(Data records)
****************************************

Lemma oppE_lam x : - x = lam x (inv x).
Proof. by rewrite /lam bmulVr bone0 sub0r. Qed.

Lemma invE_bstar x : inv x = - x - x ⋆ inv x.
Proof. by rewrite bstarE -oppE_lam opprB addrC subrK. Qed.

Lemma bstar0l x : 0 ⋆ x = 0.
Proof. by rewrite bstarE lam0l subrr. Qed.

Lemma bstarMl x y g : mul x y ⋆ g = x ⋆ (y ⋆ g) + y ⋆ g + x ⋆ g.
Proof. by rewrite !bstarE lamM subrK [lam x (_ - g)]raddfB /= addrA subrK. Qed.

Lemma is_ideal_of_subgroup (J I : V -> Prop) :
    is_subbrace B J -> add_subgroup I -> I 0 -> incl I J ->
    (forall a z, J a -> I z -> I (a ⋆ z) /\ I (z ⋆ a)) ->
  is_ideal_of B J I.
Proof.
move=> [_ _ _ _ J_inv] I_sub I0 IJ I_star; split=> //; split=> //.
- by rewrite bone0.
- move=> a b Ia Ib; rewrite mul_bstar.
  exact: (add_subgroupD I_sub (add_subgroupD I_sub Ia Ib) (I_star a b (IJ a Ia) Ib).1).
- move=> a Ia; rewrite invE_bstar.
  exact: I_sub (add_subgroupN I_sub Ia) (I_star _ _ (J_inv a (IJ a Ia)) Ia).2.
Qed.

End BraceAlgebra.

Section UpperStarTerms.
Variables (V : zmodType) (B : brace V).
Local Notation "a ⋆ b" := (bstar B a b) (at level 40, left associativity).
Local Notation center := (star_center_over B).
Local Notation term := (upper_star_term B).

Definition star_closed (S : V -> Prop) := forall x g, S x -> S (x ⋆ g) /\ S (g ⋆ x).

Lemma center_incl S T : incl S T -> incl (center S) (center T).
Proof. by move=> ST x Sx g; case: (Sx g) => /ST ? /ST. Qed.

Lemma center_nonempty S x : center S x -> S 0.
Proof. by case/(_ 0); rewrite raddf0. Qed.

Lemma star_closed_center S : star_closed S -> star_closed (center S).
Proof. by move=> S_closed x g /(_ g)[Sxg Sgx]; split=> h; apply: S_closed. Qed.

Lemma star_closed_incl_center S : star_closed S -> incl S (center S).
Proof. by move=> S_closed x Sx g; apply: S_closed. Qed.

Lemma term_star_closed S : term S -> star_closed S.
Proof.
elim=> {S} [x g ->|S _|F _ IH x g [T FT Tx]]; first by rewrite bstar0l raddf0.
  exact: star_closed_center.
by have [? ?] := IH T FT x g Tx; split; exists T.
Qed.

Lemma term_incl_center S : term S -> incl S (center S).
Proof. by move=> termS; apply: star_closed_incl_center (term_star_closed termS). Qed.

(* Extreme points of the tower, as in Lang's proof of the Bourbaki–Witt theorem. *)
Definition extreme S :=
  forall T, term T -> incl T S -> ~ incl S T -> incl (center T) S.

Lemma extreme_cmp S T :
  term S -> extreme S -> term T -> incl T S \/ incl (center S) T.
Proof.
move=> termS extS; elim=> {T} [|T termT [T_S|CS_T]|F termF IH].
- have [S0|S0] := classic (S 0); first by left=> x ->.
  by right=> x /center_nonempty.
- have [S_T|S_T] := classic (incl S T); first by right; apply: center_incl.
  by left; apply: extS.
- by right=> x /CS_T; apply: term_incl_center.
- have [[T FT CS_T]|noT] := classic (exists2 T, F T & incl (center S) T).
    by right=> x /CS_T Tx; exists T.
  left=> x [T FT Tx]; case: (IH T FT) => [T_S|CS_T]; first exact: T_S.
  by case: noT; exists T.
Qed.

Lemma term_extreme S : term S -> extreme S.
Proof.
elim=> {S} [|S termS extS|F termF IH] T termT T_sub S_nsub.
- by move=> x /center_nonempty T0; case: S_nsub => y ->.
- have [T_S|//] := extreme_cmp termS extS termT.
  have [S_T|S_T] := classic (incl S T); first exact: center_incl.
  by move=> x /(extS T termT T_S S_T); apply: term_incl_center.
- have [S FS S_T] : exists2 S, F S & ~ incl S T.
    apply: NNPP => noS; apply: S_nsub => x [S FS Sx].
    by apply: NNPP => Tx; apply: noS; exists S => // S_T; apply/Tx/S_T.
  have [T_S|CS_T] := extreme_cmp (termF S FS) (IH S FS) termT.
    by move=> x /(IH S FS T termT T_S S_T) Sx; exists S.
  by case: S_T => x /(term_incl_center (termF S FS)) /CS_T.
Qed.

Lemma term_total S T : term S -> term T -> incl S T \/ incl T S.
Proof.
move=> termS termT; have [|CS_T] := extreme_cmp termS (term_extreme termS) termT.
  by right.
by left=> x /(term_incl_center termS) /CS_T.
Qed.

End UpperStarTerms.

Section LeftCentral.
Variables (V : zmodType) (B : brace V).
Local Notation mul := (bmul B).
Local Notation inv := (binv B).
Local Notation "a ⋆ b" := (bstar B a b) (at level 40, left associativity).
Local Notation center := (star_center_over B).

Variables (S : V -> Prop) (S_sub : add_subgroup S) (S_closed : star_closed B S).

Definition lcentral a := forall g, S (a ⋆ g).

Lemma lcentral_mul x y : lcentral x -> lcentral y -> lcentral (mul x y).
Proof.
move=> Lx Ly g; rewrite bstarMl.
by do 2?apply: add_subgroupD => //; apply: (S_closed _ (Ly g)).2.
Qed.

Lemma lcentral_inv x : lcentral x -> lcentral (inv x).
Proof.
move=> Lx g; have := bstarMl B (inv x) x g.
rewrite bmulVl bone0 bstar0l => /esym/eqP; rewrite addrC addr_eq0 => /eqP ->.
by apply/(add_subgroupN S_sub)/(add_subgroupD S_sub _ (Lx g)); apply: (S_closed _ (Lx g)).2.
Qed.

****************************************

Work item:
Retype only this portion of the data above: the line containing "by have [? ?]", the line containing "by right=> x /center_nonempty.", and all lines between them, exactly.

Result of the task:
by have [? ?] := IH T FT x g Tx; split; exists T.
Qed.

Lemma term_incl_center S : term S -> incl S (center S).
Proof. by move=> termS; apply: star_closed_incl_center (term_star_closed termS). Qed.

(* Extreme points of the tower, as in Lang's proof of the Bourbaki–Witt theorem. *)
Definition extreme S :=
  forall T, term T -> incl T S -> ~ incl S T -> incl (center T) S.

Lemma extreme_cmp S T :
  term S -> extreme S -> term T -> incl T S \/ incl (center S) T.
Proof.
move=> termS extS; elim=> {T} [|T termT [T_S|CS_T]|F termF IH].
- have [S0|S0] := classic (S 0); first by left=> x ->.
  by right=> x /center_nonempty.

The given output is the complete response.